The Revelation of the Divine Name
On Daily Hebrew, H.H. Hardy has a post that asks whether the divine name was first revealed to the Israelites in Exodus (as Exod. 6:2-3 suggests) or whether the name was known to the patriarchs. Although he says that this is a debate among scholars, this is actually a debate among different layers of the Pentateuch. As the students in my Pentateuch class could tell you (having just taking a final that included this question), the problem is one between the J source and the P source.
The J sources uses the divine name from the very beginning of the story in Genesis. According to J, Abraham, Isaac, and Jacob all knew the divine name. What was revealed at Sinai in Exodus 3 was not the divine name, but the meaning of the divine name. When Moses asks God who to say has sent him, God responds that Yahweh has sent him. If this name were unknown to the Israelites prior to Exodus 3, God’s response would make no sense.

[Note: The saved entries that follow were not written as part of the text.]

(* An injective walk on Z_n with steps +-M cannot undo a step, since that
   would revisit a point; hence all its steps are equal. *)
Lemma affine_of_pm_steps n (p : 'Z_n -> 'Z_n) (M : 'Z_n) : (2 < n)%N ->
    injective p -> (forall i, p (i + 1) - p i \in [:: M; - M]) ->
  forall i, p i = (p 1 - p 0) * i + p 0.
Proof.
move=> n_gt2 p_inj steps; pose dp i := p (i + 1) - p i.
have dpS i : dp (i + 1) = dp i.
  have no_backtrack : dp (i + 1) != - dp i.
    move: (Zp_two_neq0 n_gt2); apply: contraNneq => back; apply/eqP.
    apply: (addrI i); rewrite addr0; apply/p_inj.
    by rewrite addrA -[LHS](subrK (p (i + 1))) -/(dp (i + 1)) back /dp opprB subrK.
  move: (steps i) (steps (i + 1)) no_backtrack; rewrite -/(dp i) -/(dp (i + 1)).
  by rewrite !inE => /orP[]/eqP-> /orP[]/eqP->; rewrite ?opprK ?eqxx.
have dp_nat k : dp k%:R = dp 0 by elim: k => // k IHk; rewrite -natr1 dpS.
have p_nat k : p k%:R = dp 0 *+ k + p 0.
  elim: k => [|k IHk]; first by rewrite add0r.
  by rewrite -natr1 -[LHS](subrK (p k%:R)) -/(dp k%:R) dp_nat IHk mulrS addrA.
by move=> i; rewrite -[in LHS](natr_Zp i) p_nat -mulr_natr natr_Zp /dp add0r.
Qed.

Definition letters : seq 'I_6 := [:: la; lb; lc; ld; le; lf].
Definition residues : seq 'Z_17 := [seq inZp n | n <- iota 0 17].

Lemma mem_letters x : x \in letters.
Proof. by case: x => [[|[|[|[|[|[|n]]]]]] x_lt]. Qed.

Lemma mem_residues (i : 'Z_17) : i \in residues.
Proof.
apply/mapP; exists (val i); first by rewrite mem_iota /= add0n; exact: ltn_ord.
by apply/val_inj; rewrite /= modn_small //; exact: ltn_ord.
Qed.

Lemma all_lettersP (P : pred 'I_6) : reflect (forall x, P x) (all P letters).
Proof.
apply: (iffP allP) => [P_all x | P_all x _]; last exact: P_all.
exact: P_all (mem_letters x).
Qed.

Lemma all_residuesP (P : pred 'Z_17) : reflect (forall i, P i) (all P residues).
Proof.
apply: (iffP allP) => [P_all i | P_all i _]; last exact: P_all.
exact: P_all (mem_residues i).
Qed.

Lemma nth_map_letters (T : Type) (t0 : T) (f : 'I_6 -> T) (x : 'I_6) :
  nth t0 (map f letters) x = f x.
Proof. by case: x => [[|[|[|[|[|[|n]]]]]] x_lt] //=; congr f; apply: val_inj. Qed.

(* BS is the Z_17-lift of a voltage graph on the letters: the tree with edges
   x -- parent x (rooted at e, which is its own parent) of voltage 0, and a
   loop of voltage loop_volt x at each of a, b, c, d (voltage 0 at e, f means
   no loop). *)
Definition parent (x : 'I_6) : 'I_6 := nth le [:: le; le; lf; lf] x.
Definition loop_volt (x : 'I_6) : 'Z_17 := inZp (nth 0 [:: 1; 4; 2; 8] x).

Definition lift_adj (x y : 'I_6) (d : 'Z_17) : bool :=
  if x == y then (d != 0) && (d \in [:: loop_volt x; - loop_volt x])
  else (d == 0) && ((parent x == y) || (parent y == x)).

Lemma lift_adjN x y d : lift_adj x y (- d) = lift_adj x y d.
Proof. by rewrite /lift_adj oppr_eq0 !inE eqr_oppLR eqr_opp orbC. Qed.

Lemma bs_base_shift i j x y t :
  bs_base (i + t, x) (j + t, y) = bs_base (i, x) (j, y).
Proof.
have shiftE a b : (a + t == b + t) = (a == b) := inj_eq (@addIr _ t) a b.
have shift_stepE a b c : (a + t == b + t + c) = (a == b + c).
  by rewrite addrAC shiftE.
by rewrite /bs_base !shift_stepE !shiftE.
Qed.

Lemma bs_adj_origin : all (fun d => all (fun x => all (fun y =>
  bs_adj (0, x) (d, y) == lift_adj x y d) letters) letters) residues.
Proof. by vm_compute. Qed.

Lemma bs_adjE u v : bs_adj u v = lift_adj u.2 v.2 (v.1 - u.1).
Proof.
case: u v => [i x] [j y] /=.
rewrite /bs_adj -(bs_base_shift i j x y (- i)) -(bs_base_shift j i y x (- i)) subrr.
apply/eqP; move: bs_adj_origin => /all_residuesP/(_ (j - i)).
by move=> /all_lettersP/(_ x)/all_lettersP/(_ y).
Qed.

The story in Exodus 6, on the other hand, comes from P. P says that the patriarchs did not know the divine name. Instead, they knew God as El Shaddai. In the P theology, the divine name is first revealed to Moses at Mt. Sinai. But this contradicts the J material in Genesis, which already has the divine name known.
When J and P are edited together by the H redactor, the combination leads to tension between the two ideas. In other words, the problem is not a modern one; it is an ancient one.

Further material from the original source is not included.